Disappointing weekly export sales and inspections, along with improving Brazilian weather, pressured prices lower for the week.  The Chinese trade talks seemed to be making progress as the week ended and they will be extended into the week of February 18th. Whether an agreement is reached or not, President Trump has indicated he could postpone increasing tariffs on $200 billion worth of goods from 10% to 25% for 60 days if he deems progress is being made. China has asked for a 90-day extension. There are significant hurdles yet to be overcome concerning technology issues.  However, if something is worked out, there may be direct benefits for the corn market through increased purchases of DDGs and ethanol.

Weekly export sales this week were just through January 3rd.  They came in a disappointing 18.1 million bushels.  Total commitments are 19% higher than last year at 1.27 billion bushels.  We need 33.2 million bushels per week to ring the bell on the USDA’s 2.45-billion-bushel export outlook.  One bright side, there were new reported sales of 328 tmt this week.  The next weekly export sales report will cover sales made from January 10 through February 14. Weekly ethanol production was up 62,000 bpd to 1.029 million bpd, the second largest weekly increase on record.  This is still below what we need each week to hit the USDA target, suggesting the USDA may need to lower the ethanol line on subsequent reports.  Ethanol stocks fell 400,000 barrels to 23.5 million barrels.  Margins were up a nickel at a positive one cent per gallon, reversing 20 weeks of negative margins.

The USDA’s long-range outlook released this week indicated 2019/2020 US corn acreage at 92.0 million acres with carryout at 1.603 billion bushels.
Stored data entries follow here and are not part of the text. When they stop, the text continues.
Lemma shared_twin_closed x y : {in shared x y, forall q, twin q \in shared x y}.
Proof.
move=> q; rewrite !inE => /and4P[xq yq qtx qty].
have qx : q != x by apply: contraTneq xq => ->; rewrite adj1_irr.
have qy : q != y by apply: contraTneq yq => ->; rewrite adj1_irr.
by rewrite !adj1_twinr // xq yq !(inj_eq twin_inj) qx qy.
Qed.

Lemma common_mates x y :
  y != x -> y != twin x -> a = #|shared x y| + adj1 x y + adj1 y x.
Proof.
move=> yx ytx.
have xy : x != y by rewrite eq_sym.
have xty : x != twin y by apply: contra_neq ytx => ->; rewrite twinK.
have <- : c (mate x) (mate y) = a.
  by apply: common_other; rewrite -?mate_twin (inj_eq mate_inj).
rewrite /common (cardsD1 (twin x)) (cardsD1 (twin y)) !inE.
rewrite -[e (mate x)]/(adj1 x) -[e (mate y)]/(adj1 y).
rewrite adj1_twin (adj1_twinr xy xty) (adj1_twinr yx ytx) adj1_twin.
have -> : N (mate x) :&: N (mate y) :\ twin x :\ twin y = shared x y.
  apply/setP => q; rewrite !inE /adj1.
  by case: (q != twin x); case: (q != twin y); case: (e _ q); case: (e _ q).
rewrite (inj_eq twin_inj) yx andbT /=; lia.
Qed.

Lemma card_shared x y : #|shared x y| = (#|shared x y :&: reps|).*2.
Proof. exact/card_twin_closed/shared_twin_closed. Qed.

(* By [common_mates], [adj1 x y + adj1 y x] has the parity of [a]; a vertex moved by
   [mate] shows that [a] is even, and if [mate] moves nothing then [adj1] is [e]. *)
Lemma adj1_sym : symmetric adj1.
Proof.
move=> x y; have [->//|yx] := eqVneq y x.
have [->|ytx] := eqVneq y (twin x); first by rewrite adj1_twinl.
have [/existsP[v mv]|] := boolP [exists v, mate v != v]; last first.
  rewrite negb_exists => /forallP mate_fix.
  by rewrite /adj1 !(eqP (negPn (mate_fix _))) adj_sym.
have := common_mates mv (mate_neq_twin v); rewrite /adj1 mateK !adj_irr card_shared.
have := common_mates yx ytx; rewrite card_shared /adj1.
by case: (e (mate x) y); case: (e (mate y) x) => /=; lia.
Qed.

Definition rep v := if chosen v then v else twin v.

Lemma rep_in_reps v : rep v \in reps.
Proof. by rewrite /rep inE; case: ifP => // /negbT; rewrite chosen_twin. Qed.

Local Notation m := #|reps|.

Definition vtx (i : 'I_m) : T := enum_val i.
Definition proj v : 'I_m := enum_rank_in (rep_in_reps v) (rep v).

Lemma vtx_chosen i : chosen (vtx i).
Proof. by have := enum_valP i; rewrite inE. Qed.

Lemma vtx_inj : injective vtx. Proof. exact: enum_val_inj. Qed.

Lemma projK v : vtx (proj v) = rep v.
Proof. exact/enum_rankK_in/rep_in_reps. Qed.

Lemma rep_chosen v : chosen v -> rep v = v.
Proof. by rewrite /rep => ->. Qed.

Lemma vtxK i : proj (vtx i) = i.
Proof. by apply: vtx_inj; rewrite projK rep_chosen ?vtx_chosen. Qed.

Lemma rep_eq u w : (rep u == rep w) = (w == u) || (w == twin u).
Proof.
rewrite /rep; have [cwu|cwu] := eqVneq (chosen w) (chosen u).
  have -> : (w == twin u) = false.
    by apply/eqP => wtu; move: cwu; rewrite wtu chosen_twin; case: (chosen u).
  by rewrite orbF cwu; case: (chosen u); rewrite ?(inj_eq twin_inj) eq_sym.
have -> : (w == u) = false by apply/eqP => wu; move: cwu; rewrite wu eqxx.
move: cwu; case: (chosen u); case: (chosen w) => //= _;
  by rewrite eq_sym ?(can2_eq twinK twinK).
Qed.

Lemma proj_eq u w : (proj u == proj w) = (w == u) || (w == twin u).
Proof. by rewrite -(inj_eq vtx_inj) !projK rep_eq. Qed.

Lemma rep_mate v : rep (mate v) = mate (rep v).
Proof. by rewrite /rep chosen_mate; case: (chosen v); rewrite ?mate_twin. Qed.

Lemma proj_twin v : proj (twin v) = proj v.
Proof. by apply/eqP; rewrite proj_eq twinK eqxx orbT. Qed.

Lemma adj1_rep u w : w != u -> w != twin u -> adj1 (rep u) (rep w) = adj1 u w.
Proof.
move=> wu wtu; rewrite /rep.
by case: (chosen u); case: (chosen w); rewrite ?adj1_twinl ?twinK ?adj1_twinr.
Qed.

Lemma chosen_twin_neq x q : chosen x -> chosen q -> q != twin x.
Proof. by move=> cx cq; apply: contraTneq cq => ->; rewrite chosen_twin cx. Qed.

Lemma card_vtx_preim (S : {set T}) :
  {in S, forall q, twin q \in S} -> #|S| = (#|[set j | vtx j \in S]|).*2.
Proof.
move=> S_twin; rewrite (card_twin_closed S_twin); congr double.
rewrite -(card_imset _ vtx_inj); apply: eq_card => q; rewrite !inE.
apply/andP/imsetP => [[Sq cq] | [j]]; last by rewrite inE => Sj ->; rewrite vtx_chosen.
by exists (proj q); rewrite ?inE projK rep_chosen.
Qed.

Definition delta : rel 'I_m := fun i j => (i != j) && adj1 (vtx i) (vtx j).

Lemma delta_sym : symmetric delta.
Proof. by move=> i j; rewrite /delta eq_sym adj1_sym. Qed.

Lemma card_nbhd_delta i : k.-1 = (#|nbhd delta i|).*2.
Proof.
set x := vtx i; set S := N (mate x) :\ twin x.
have -> : nbhd delta i = [set j | vtx j \in S].
  apply/setP => j; rewrite !inE /delta /adj1 -(inj_eq vtx_inj) -/x.
  rewrite chosen_twin_neq ?vtx_chosen //=.
  by case: (eqVneq x (vtx j)) => [<-|]; rewrite ?mate_nadj.
rewrite -card_vtx_preim.
  by have := cardsD1 (twin x) (N (mate x)); rewrite card_nbhd inE mate_adj_twin => ->.
move=> q; rewrite !inE => /andP[qtx xq].
have qx : q != x by apply: contraTneq xq => ->; rewrite mate_nadj.
by rewrite (inj_eq twin_inj) qx -[e (mate x)]/(adj1 x) adj1_twinr.
Qed.

Lemma common_delta i j : i != j -> a = (common delta i j).*2 + 2 * delta i j.
Proof.
move=> ij; set x := vtx i; set y := vtx j.
have yx : y != x by rewrite (inj_eq vtx_inj) eq_sym.
rewrite /common; have -> : nbhd delta i :&: nbhd delta j = [set l | vtx l \in shared x y].
  apply/setP => l; rewrite !inE /delta -!(inj_eq vtx_inj) -/x -/y.
  rewrite !chosen_twin_neq ?vtx_chosen //= !andbT.
  case: (eqVneq x (vtx l)) => [<-|_]; first by rewrite adj1_irr.
  by case: (eqVneq y (vtx l)) => [<-|_]; rewrite ?adj1_irr ?andbF.
rewrite -card_vtx_preim; last exact: shared_twin_closed.
rewrite (common_mates yx (chosen_twin_neq (vtx_chosen i) (vtx_chosen j))).
by rewrite /delta ij (adj1_sym y x) -/x -/y /=; lia.
Qed.

Lemma a_gt1 (i : 'I_m) : 1 < a.
Proof.
have : 0 < #|nbhd delta i| by have := card_nbhd_delta i; lia.
case/card_gt0P => j; rewrite inE => dij.
have ij : i != j by move: dij => /andP[].
by have := common_delta ij; rewrite dij; lia.
Qed.

(* [mu] is [(a./2).-1.+1] rather than [a./2] so that [lam.+1 = mu] also holds when
   there are no vertices. *)
Lemma delta_srg : srg delta m (k.-1)./2 (a./2).-1 (a./2).-1.+1.
Proof.
split.
- by split; [exact: delta_sym | move=> i; rewrite /delta eqxx].
- exact: card_ord.
- by move=> i; rewrite (card_nbhd_delta i) doubleK.
- by move=> i j ij dij; have := common_delta ij; rewrite dij; lia.
- move=> i j ij /negbTE dij; have := a_gt1 i.
  by have := common_delta ij; rewrite dij; lia.
Qed.

Definition mate_ord i := proj (mate (vtx i)).

Lemma vtx_mate_ord i : vtx (mate_ord i) = mate (vtx i).
Proof. by rewrite projK rep_chosen // chosen_mate vtx_chosen. Qed.

Lemma mate_ord_inj : injective mate_ord.
Proof. by move=> i j /(congr1 vtx); rewrite !vtx_mate_ord => /mate_inj/vtx_inj. Qed.

Definition mate_perm := perm mate_ord_inj.

Lemma vtx_mate_perm i : vtx (mate_perm i) = mate (vtx i).
Proof. by rewrite permE vtx_mate_ord. Qed.

Lemma delta_mate_perm : nonadj_involution delta mate_perm.
Proof.
split.
- move=> i j; rewrite /delta (inj_eq perm_inj) !vtx_mate_perm /adj1 mateK.
  by rewrite adj_sym -[e (mate _)]/(adj1 _) adj1_sym.
- by move=> i; apply: vtx_inj; rewrite !vtx_mate_perm mateK.
- by move=> i _; rewrite /delta vtx_mate_perm /adj1 adj_irr andbF.
Qed.

Definition to_constr v := (proj v, ~~ chosen v).

Lemma to_constr_bij : bijective to_constr.
Proof.
exists (fun p => if p.2 then twin (vtx p.1) else vtx p.1).
  by move=> v; rewrite /= projK /rep; case: (chosen v); rewrite ?twinK.
case=> i b; rewrite /to_constr; case: b => /=.
  by rewrite proj_twin vtxK chosen_twin vtx_chosen.
by rewrite vtxK vtx_chosen.
Qed.
(* Let $A, B\in\mathbb{R}^{m\times n}$ with $m < n$, $b\in\mathbb{R}^m$, and $s\in\{-1, 1\}^n$. Let $A = M_A - N_A$ with $\operatorname{rank}(M_A) = m$. (a) Let $1\le p\le\infty$. If $\operatorname{diag}(s)M_A^\dagger b \geq 0$, $\operatorname{diag}(s)M_A^\dagger [N_A\operatorname{diag}(s) + B] \geq 0$ and $\|M_A^\dagger[N_A\operatorname{diag}(s) + B]\|_p< 1$, then there exists a nonnegative solution $y_*$ of the linear system $[A\operatorname{diag}(s)-B]y=b$ such that $x_* = \operatorname{diag}(s)y_*$ is a solution of $Ax-B|x|=b$. (b) If $\operatorname{diag}(s)M_A^\dagger b > 0$ and $\|M_A^\dagger [N_A \operatorname{diag}(s) + B]\|_{\infty} < \gamma/2$, where $\gamma = \dfrac{\min_i |(M_A^\dagger b)_i|}{\max_i |(M_A^\dagger b)_i|}$, then $Ax-B|x|=b$ has infinitely many solutions with the sign pattern $s$.
   Context: $M^\dagger$ is the Moore–Penrose inverse; $|x|$ is the entrywise absolute value; $\operatorname{diag}(s)$ is the diagonal matrix with diagonal $s$. Vector/matrix inequalities are entrywise. $\|\cdot\|_p$ on matrices is the operator norm induced by the vector $p$-norm. A vector $x$ has sign pattern $s$ if $\operatorname{sign}(x_{(i)})=s_{(i)}$ for all $i$. *)

From HB Require Import structures.
From mathcomp Require Import all_boot all_order all_algebra.
From mathcomp Require Import all_classical all_reals.
From mathcomp Require Import exp.
Set Implicit Arguments. Unset Strict Implicit. Unset Printing Implicit Defensive.
Import Order.TTheory GRing.Theory Num.Theory.
Local Open Scope ring_scope.
Local Open Scope classical_set_scope.

Section Defs.
Variable R : realType.

Definition is_MP_inverse m n (M : 'M[R]_(m, n)) (X : 'M[R]_(n, m)) : Prop :=
  [/\ M *m X *m M = M, X *m M *m X = X,
      (M *m X)^T = M *m X & (X *m M)^T = X *m M].

Definition mabs m n (M : 'M[R]_(m, n)) : 'M[R]_(m, n) :=
  \matrix_(i, j) `|M i j|.

Definition vnorm (p : \bar R) n (x : 'cV[R]_n) : R :=
  match p with
  | EFin r => powR (\sum_i powR `|x i 0| r) r^-1
  | +oo%E => \big[Num.max/0]_i `|x i 0|
  | -oo%E => 0
  end.

Definition opnorm (p : \bar R) m n (M : 'M[R]_(m, n)) : R :=
  sup [set vnorm p (M *m x) / vnorm p x | x in [set x : 'cV[R]_n | x != 0]].

Definition maxabs n (v : 'cV[R]_n) : R := \big[Num.max/0]_i `|v i 0|.
Definition minabs n (v : 'cV[R]_n) : R := \big[Num.min/maxabs v]_i `|v i 0|.

Definition has_sign_pattern n (x : 'cV[R]_n) (s : 'rV[R]_n) : Prop :=
  forall i, Num.sg (x i 0) = s 0 i.

End Defs.

(* With D = diag(s), C = M_A^+ (N_A D + B) and c = D M_A^+ b, every vector y with
   y = c + D w + D C y for some w in ker M_A satisfies (A D - B) y = b, because
   M_A M_A^+ = 1; if moreover y >= 0 then x = D y has |x| = y and solves A x - B|x| = b.
   Since D is an isometry for every p-norm, T = D C is a contraction as soon as
   ||C||_p < 1, so y = c + D w + T y has a unique solution.  In (a), c >= 0 and T >= 0
   force the solution with w = 0 to be nonnegative.  In (b), the bound on ||C||_oo
   leaves a margin around min_i c_i > 0 that survives perturbing c by any D w with
   small max-norm; as m < n, ker M_A contains a line, and its points give infinitely
   many distinct positive y, hence solutions with sign pattern s. *)
From HB Require Import structures.
From mathcomp Require Import all_boot all_order all_algebra.
From mathcomp Require Import all_classical all_reals.
From mathcomp Require Import exp.
From mathcomp Require Import lra.
Import Order.TTheory GRing.Theory Num.Theory.
Local Open Scope ring_scope.
Local Open Scope classical_set_scope.
Set Implicit Arguments. Unset Strict Implicit. Unset Printing Implicit Defensive.

Section VectorNorms.
Variables (R : realType) (p : \bar R).
Hypothesis p_ge1 : (1 <= p)%E.

Lemma exponent_cases : (exists2 r : R, 1 <= r & p = r%:E) \/ p = +oo%E.
Proof. by move: p_ge1; case: p => [r r_ge1||]; [left; exists r | right |]. Qed.

Lemma sum_powR_ge0 n (P : pred 'I_n) (f : 'I_n -> R) r :
  0 <= \sum_(i | P i) powR (f i) r.
Proof. by apply: sumr_ge0 => i _; exact: powR_ge0. Qed.

Lemma maxabs_ge0 n (x : 'cV[R]_n) : 0 <= maxabs x.
Proof. exact: bigmax_ge_id. Qed.

Lemma vnorm_ge0 n (x : 'cV[R]_n) : 0 <= vnorm p x.
Proof. by case: exponent_cases => [[r _ ->]|->]; [exact: powR_ge0 | exact: maxabs_ge0]. Qed.

Lemma vnorm_eq_norm n (x y : 'cV[R]_n) :
  (forall i, `|x i 0| = `|y i 0|) -> vnorm p x = vnorm p y.
Proof.
move=> xy; case: exponent_cases => [[r _ ->]|->] /=.
  by congr (powR _ _); apply: eq_bigr => i _; rewrite xy.
by apply: eq_bigr => i _; rewrite xy.
Qed.

Lemma vnorm_le_norm n (x y : 'cV[R]_n) :
  (forall i, `|x i 0| <= `|y i 0|) -> vnorm p x <= vnorm p y.
Proof.
move=> xy; case: exponent_cases => [[r r_ge1 ->]|->] /=; last first.
  apply: bigmax_le => [|j _]; first exact: bigmax_ge_id.
  exact: le_trans (xy j) (le_bigmax _ _ _).
have r_ge0 : 0 <= r by apply: le_trans r_ge1.
apply: ge0_ler_powR; rewrite ?invr_ge0 ?nnegrE ?sum_powR_ge0 //.
by apply: ler_sum => j _; apply: ge0_ler_powR; rewrite ?nnegrE.
Qed.

Lemma vnorm0 n : vnorm p (0 : 'cV[R]_n) = 0.
Proof.
case: exponent_cases => [[r r_ge1 ->]|->] /=; last first.
  apply/le_anti; rewrite bigmax_ge_id andbT.
  by apply: bigmax_le => // i _; rewrite mxE normr0.
have r_neq0 : r != 0 by rewrite gt_eqF // (lt_le_trans ltr01).
rewrite big1 ?powR0 ?invr_neq0 // => i _.
by rewrite mxE normr0 powR0.
Qed.

Lemma norm_le_vnorm n (x : 'cV[R]_n) i : `|x i 0| <= vnorm p x.
Proof.
case: exponent_cases => [[r r_ge1 ->]|->] /=; last exact: le_bigmax.
have r_neq0 : r != 0 by rewrite gt_eqF // (lt_le_trans ltr01).
rewrite -{1}[`|x i 0|]powRr1 // -(mulfV r_neq0) powRrM.
apply: ge0_ler_powR; rewrite ?invr_ge0 ?nnegrE ?powR_ge0 ?sum_powR_ge0 //.
  exact: le_trans r_ge1.
by rewrite (bigD1 i) //= lerDl sum_powR_ge0.
Qed.

Lemma maxabs_le_vnorm n (x : 'cV[R]_n) : maxabs x <= vnorm p x.
Proof. by apply: bigmax_le => [|i _]; [exact: vnorm_ge0 | exact: norm_le_vnorm]. Qed.

Lemma col_neq0 n (x : 'cV[R]_n) : x != 0 -> exists i, x i 0 != 0.
Proof.
move=> x_neq0; apply/existsP; apply: contraNT x_neq0; rewrite negb_exists => /forallP x0.
by apply/eqP/matrixP => i j; rewrite (ord1 j) mxE; apply/eqP/negPn/x0.
Qed.

Lemma maxabs_gt0 n (x : 'cV[R]_n) : x != 0 -> 0 < maxabs x.
Proof.
move=> /col_neq0 [i xi_neq0].
by apply: lt_le_trans (le_bigmax _ _ i); rewrite normr_gt0.
Qed.

Lemma vnorm_gt0 n (x : 'cV[R]_n) : x != 0 -> 0 < vnorm p x.
Proof. by move=> /maxabs_gt0 x_gt0; apply: lt_le_trans x_gt0 (maxabs_le_vnorm x). Qed.

Lemma vnorm_le_maxabs n : exists2 K : R, 0 <= K &
  forall x : 'cV[R]_n, vnorm p x <= K * maxabs x.
Proof.
case: exponent_cases => [[r r_ge1 ->]|->] /=; last by exists 1 => // x; rewrite mul1r.
have r_ge0 : 0 <= r by apply: le_trans r_ge1.
have r_neq0 : r != 0 by rewrite gt_eqF // (lt_le_trans ltr01).
exists (powR n%:R r^-1) => [|x]; first exact: powR_ge0.
have x_ge0 := maxabs_ge0 x.
have -> : powR n%:R r^-1 * maxabs x = powR (n%:R * powR (maxabs x) r) r^-1.
  by rewrite powRM ?powR_ge0 // -powRrM mulfV // powRr1.
apply: ge0_ler_powR; rewrite ?invr_ge0 ?nnegrE ?mulr_ge0 ?powR_ge0 ?sum_powR_ge0 //.
rewrite -[n in n%:R](card_ord n) mulr_natl -sumr_const; apply: ler_sum => i _.
by apply: ge0_ler_powR; rewrite ?nnegrE //; exact: le_bigmax.
Qed.

Lemma maxabs_mulmx_le m n (M : 'M[R]_(m, n)) (x : 'cV[R]_n) :
  maxabs (M *m x) <= (\sum_i \sum_j `|M i j|) * maxabs x.
Proof.
have x_ge0 := maxabs_ge0 x.
have rowsum_ge0 (i : 'I_m) : 0 <= \sum_j `|M i j| by rewrite sumr_ge0.
apply: bigmax_le => [|i _]; first by rewrite mulr_ge0 // sumr_ge0.
rewrite mxE; apply: le_trans (ler_norm_sum _ _ _) _.
apply: (@le_trans _ _ ((\sum_j `|M i j|) * maxabs x)).
  rewrite mulr_suml; apply: ler_sum => j _; rewrite normrM.
  by apply: ler_wpM2l => //; exact: le_bigmax.
by apply: ler_wpM2r => //; rewrite (bigD1 i) //= lerDl sumr_ge0.
Qed.

Lemma opnorm_ub m n (M : 'M[R]_(m, n)) (x : 'cV[R]_n) :
  x != 0 -> vnorm p (M *m x) / vnorm p x <= opnorm p M.
Proof.
move=> x_neq0; have [K K_ge0 hK] := @vnorm_le_maxabs m.
pose S := \sum_i \sum_j `|M i j|.
have S_ge0 : 0 <= S by rewrite sumr_ge0 // => i _; rewrite sumr_ge0.
apply: ub_le_sup; last by exists x.
exists (K * S) => _ [z z_neq0 <-]; rewrite ler_pdivrMr ?vnorm_gt0 //.
apply: le_trans (hK _) _; rewrite -mulrA ler_wpM2l //.
apply: le_trans (maxabs_mulmx_le _ _) _.
by rewrite ler_wpM2l ?maxabs_le_vnorm.
Qed.

Lemma vnorm_mulmx_le m n (M : 'M[R]_(m, n)) (x : 'cV[R]_n) :
  vnorm p (M *m x) <= opnorm p M * vnorm p x.
Proof.
have [->|x_neq0] := eqVneq x 0; first by rewrite mulmx0 !vnorm0 mulr0.
by rewrite -ler_pdivrMr ?vnorm_gt0 //; exact: opnorm_ub.
Qed.

Lemma opnorm_ge0 m n (M : 'M[R]_(m, n)) : (0 < n)%N -> 0 <= opnorm p M.
Proof.
move=> n_gt0; pose x : 'cV[R]_n := const_mx 1.
have x_neq0 : x != 0.
  by apply/eqP => /matrixP /(_ (Ordinal n_gt0) 0); rewrite !mxE; apply/eqP/oner_neq0.
by apply: le_trans (opnorm_ub M x_neq0); rewrite divr_ge0 ?vnorm_ge0.
Qed.

End VectorNorms.

Definition fixpoint (R : comUnitRingType) n (T : 'M[R]_n) (c : 'cV[R]_n) :=
  invmx (1%:M - T) *m c.

Lemma fixpointE (R : comUnitRingType) n (T : 'M[R]_n) c :
  (1%:M - T) \in unitmx -> fixpoint T c = c + T *m fixpoint T c.
Proof.
move=> unitT; apply/eqP; rewrite -subr_eq -[X in X - _]mul1mx -mulmxBl.
by rewrite /fixpoint mulmxA mulmxV // mul1mx.
Qed.

Lemma fixpoint_inj (R : comUnitRingType) n (T : 'M[R]_n) :
  (1%:M - T) \in unitmx -> injective (fixpoint T).
Proof. by move=> unitT c1 c2; apply: (can_inj (mulKVmx unitT)). Qed.

Lemma unitmx_1B (F : fieldType) n (T : 'M[F]_n) :
  (forall x : 'cV[F]_n, T *m x = x -> x = 0) -> (1%:M - T) \in unitmx.
Proof.
move=> fixed_eq0; rewrite -unitmx_tr -row_free_unit -kermx_eq0.
apply/rowV0P => v /sub_kermxP /(congr1 trmx).
rewrite trmx_mul trmxK trmx0 mulmxBl mul1mx => /subr0_eq /esym /fixed_eq0 v0.
by rewrite -[v]trmxK v0 trmx0.
Qed.
Lemma sqrt_lam_pos : 0 < sl.
Proof. apply sqrt_lt_R0; auto. Qed.

Lemma ends_spec : a < 0 < b /\ b - a = sl.
Proof.
  assert (H1 := sqrt_lam_pos). destruct Hmax as [Hrb _]. unfold left_end, right_end.
  split; [split|]; nra.
Qed.

Lemma unscale_in r : a < r < b -> 1 < sv r < 2.
Proof.
  intros Hr. assert (H1 := sqrt_lam_pos). unfold left_end, right_end in Hr. unfold unscale.
  split; apply Rmult_lt_reg_r with sl; auto; field_simplify; lra.
Qed.

Lemma unscale_0 : sv 0 = rb.
Proof. unfold unscale. assert (H1 := sqrt_lam_pos). field. lra. Qed.

Lemma is_derive_unscale r : is_derive sv r (/ sl).
Proof.
  unfold unscale. assert (H1 := sqrt_lam_pos).
  apply is_derive_Rext with (f := fun y => / sl * y + rb); [intros; field; lra|].
  eapply is_derive_val; [apply is_derive_Rplus; [apply is_derive_linear | apply is_derive_Rconst] | ring].
Qed.

(* [lam^(1/(2-p))] is the amplitude that turns [lam u = u^(p-1)] into [w = w^(p-1)]. *)
Lemma amplitude_Rpower x : 0 < x -> Lam * / lam * Rpower x (p - 1) = Rpower (Lam * x) (p - 1).
Proof.
  intros Hx. rewrite <- Rpower_mult_distr by (auto; apply Rpower_gt0).
  f_equal. rewrite Rpower_mult.
  rewrite <- (Rpower_1 lam) at 2 by auto. rewrite <- Rpower_Ropp, <- Rpower_plus.
  f_equal. field. lra.
Qed.
Lemma htop_subset A B : A `<=` B -> htop d g A <= htop d g B.
Proof.
move=> AB; rewrite !htopE; apply: ge_ereal_sup => _ [e e0 <-].
apply: le_trans (ereal_sup_ubound _); last by exists e.
apply: le_limn_esup => n; apply: entropy_term_le => w.
exact: sep_card_subset.
Qed.

Lemma htop_setU A B : htop d g (A `|` B) <= maxe (htop d g A) (htop d g B).
Proof.
rewrite !htopE; apply: ge_ereal_sup => _ [e e0 <-].
apply: le_trans (limn_esup_le_max (c := ln 2) _) _.
  by move=> n n0; exact: entropy_term_setU.
have at_le C : htop_at C e <= ereal_sup (htop_at C @` `]0%R, +oo[).
  by apply: ereal_sup_ubound; exists e.
by rewrite ge_max !le_max !at_le orbT.
Qed.

(* The empty set has no points to separate: its entropy is -oo. *)
Lemma htop_set0 : htop d g set0 = -oo.
Proof.
apply/eqP; rewrite -leeNy_eq htopE; apply: ge_ereal_sup => _ [e e0 <-].
apply: limn_esup_le_near; near=> n.
have n0 : (0 < n)%N by near: n; exact: nbhs_infty_gt.
rewrite /entropy_term big1 => [|w _]; last exact: sep_card_set0.
rewrite mule0 le0_lneNy // muleC gt0_mulNye //.
by rewrite lte_fin invr_gt0 ltr0n.
Unshelve. all: by end_near.
Qed.

(* With at least one generator, a nonempty space has nonnegative entropy:
   every word sees a separated set with one point. *)
Lemma htop_setT_ge0 : [set: X] !=set0 -> (0 < p)%N -> 0 <= htop d g [set: X].
Proof.
move=> [x0 _] p0; rewrite htopE.
apply: le_trans (ereal_sup_ubound _); last by exists 1%R => //=; rewrite in_itv /= andbT.
apply: limf_esup_ge0 => // n; rewrite /entropy_term.
apply: mule_ge0; first by rewrite lee_fin invr_ge0.
rewrite lne_ge0.
have c0 : 0 <= (((p%:R ^+ n)^-1)%R)%:E :> \bar R.
  by rewrite lee_fin invr_ge0 exprn_ge0.
have sum_ge : \sum_(w : n.-tuple 'I_p) 1%E <=
    \sum_(w : n.-tuple 'I_p) sep_card d g [set: X] w 1%R.
  by apply: lee_sum => w _; exact: (sep_card_ge1 _ _ (x := x0)).
apply: le_trans (lee_wpmul2l c0 sum_ge).
rewrite sumEFin sumr_const card_tuple card_ord -EFinM.
by rewrite lee_fin natrX mulVf // expf_neq0 // pnatr_eq0 -lt0n.
Qed.

End EntropyOfSets.
(* By [cadj_square], the direction of the image of an edge is constant along the
   4-cycles of [Q_m], hence depends only on the coordinate flipped. *)
Lemma cube_hom_subcube m n (phi : cube m -> cube n) :
  injective phi -> {homo phi : x y / cadj x y} ->
  exists2 d, injective d & phi =1 subcube (phi (cube0 m)) d.
Proof.
move=> phiI phiA.
have /fin_all_exists [d phi0] : forall i, exists d, phi (flip (cube0 m) i) = flip (phi (cube0 m)) d.
  by move=> i; apply/cadjP/phiA/cadj_flip.
have dI : injective d.
  by move=> i j dij; apply: (@flip_inj _ (cube0 m)); apply: phiI; rewrite !phi0 dij.
have phi_flip (x : cube m) i : ~~ x i -> phi (flip x i) = flip (phi x) (d i).
  elim/cube_ind: x i => [i _ | y j yj IH i]; first exact: phi0.
  rewrite flipE; case: eqP => [-> | /eqP ij]; first by rewrite yj.
  move=> yi; rewrite IH //; apply: cadj_square.
  - by apply/eqP => /dI /eqP; rewrite eq_sym (negbTE ij).
  - apply: contra_neq ij => /phiI /ffunP /(_ i).
    by rewrite !flipE eqxx; case: eqP => [-> // | _]; case: (y i).
  - by rewrite -IH //; apply/phiA/cadj_flip.
  - by rewrite -IH // flipC; apply/phiA/cadj_flip.
exists d => // x; elim/cube_ind: x => [|x i xi IH]; first by rewrite subcube0.
by rewrite phi_flip // IH subcube_flip.
Qed.

HB.instance Definition _ := Monoid.isComLaw.Build nat 0 Nat.lxor
  (fun a b c => esym (Nat.lxor_assoc a b c)) Nat.lxor_comm Nat.lxor_0_l.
This year’s USDA corn carryout is estimated at 1.735 billion bushels. IEG Vantage, formerly Informa Economics, formerly Sparks, this week pegged 2019/2020 US corn acreage at 91.6 million acres.  This is 2.5 million acres higher than last year’s 89.1 million planted acres.  Their 2019/2020 corn carryout was forecasted at 1.714 billion bushels.

Conab increased their Brazilian corn outlook .5 mmt to 91.7 mmt versus the USDA’s 94.5 mmt.  In Argentina, the Rosario Grain Exchange increased their corn crop outlook 2.5 mmt to 46.5 mmt and the BAGE is pegging corn production at 45 mmt.  The USDA has Argentina at 46 mmt.

OUTLOOK:  Until we see a catalyst to push corn prices higher or lower, corn may be deemed to remain in its $3.71 to $3.85 per bushel trading range.  Recent action suggests if the path of least resistance for a move may be to the lower side.  For the week, March and July corn contracts were each ½ cent higher at $3.74 ¾ and $3.90 ½ respectively, and December corn was steady at $3.98 ¼ per bushel.

SOYBEANS – South American weather has been improving over the last few weeks, suggesting we may have seen the lowest Brazilian soybean production estimates of the year.  This week, Conab lowered their Brazilian bean forecast 3.5 mmt to 115.3 mmt. Safras cut their Brazilian projection from 115.7 mmt to 115.4 mmt. These are slightly higher than private outlooks.  Brazil’s soybean harvest was a record pace at 24% complete as of February 14 versus 11% complete on average.  In Argentina, the Rosario Grain Exchanged raised their outlook to 52 mmt and BAGE was at 53 mmt.  The USDA is carrying Argentina at 55 mmt.

This week’s weekly export sales announcement only covered through January 3rd.  It contained surprisingly large cancellations by China of 807 tmt and another 444 tmt of cancellations by unknown.  This put net sales at a negative 22.5 million bushels or 612 tmt.  The market reacted negatively, but there was chatter wondering if we will see Chinese purchases show up on next week’s report that will put us current on sales.  Total soybean export commitments at 1.11 billion bushels is down 27% from last year.  We need to average 23.4 million bushels of exports each week to hit the USDA export projection of 1.875 billion bushels. In January, China imported 7.4 mmt of soybeans.  This was an increase of 29% from December, but down 13% from January 2018.

Trade talks with China will be extended into the week of February 18th.  Higher levels sources seem to be more optimistic on the progress being made than at lower levels.  Regardless, this week’s export sales report makes one wonder what kind of soybean purchases could be expected if an agreement is reached.  We are uncompetitive with Brazilian beans into China and it’s unknown how much coverage China already has in place for the summer.  New African swine fever cases are still being discovered in China which will cut demand.

The USDA, in their long-term forecast, is expecting US soybean acreage at 82.5 million acres versus 89.2 million acres last year.  Their 2019/2020 soybean carryout is 723 million bushels. The January NOPA soybean crush report was a record 171.6 million bushels and the fourth largest crush ever.  It significantly exceeded the 169.5-million-bushel estimate.  The market treated it as mildly friendly news.  Soyoil stocks were 1.549 billion bushels versus 1.566 billion bushels estimated.  This was the smallest build in soyoil stocks in 22 years.

OUTLOOK:  For the week, March soybeans were down 7 cents at $9.70 ½, July dropped 7 ¼ cents to $9.35, and November fell a nickel to $9.52 per bushel.  Technical support in the March contract lies at the 100-day moving average of $9.02 per bushel as of the close on February 15th.  If the trade talks continue make progress, we could expect this to hold short-term, but without demand or a change in South American growing conditions, it’s difficult to make a long-term case for higher prices.

WHEAT – US Wheat is competitive again as Egypt bought some US soft wheat in its tender last week.  The interesting part of that transaction was that no Russian wheat was offered and that could be an indication that Russian supplies are now tightening up and raising their values.  The USDA is reporting wheat farmers have enrolled 44.954 million acres of wheat in 2019 subsidy programs. Texas’ wheat crop was rated 31% Good/Excellent, up 4 from last week and 26% was rated Poor/Very Poor, up 5 from last week.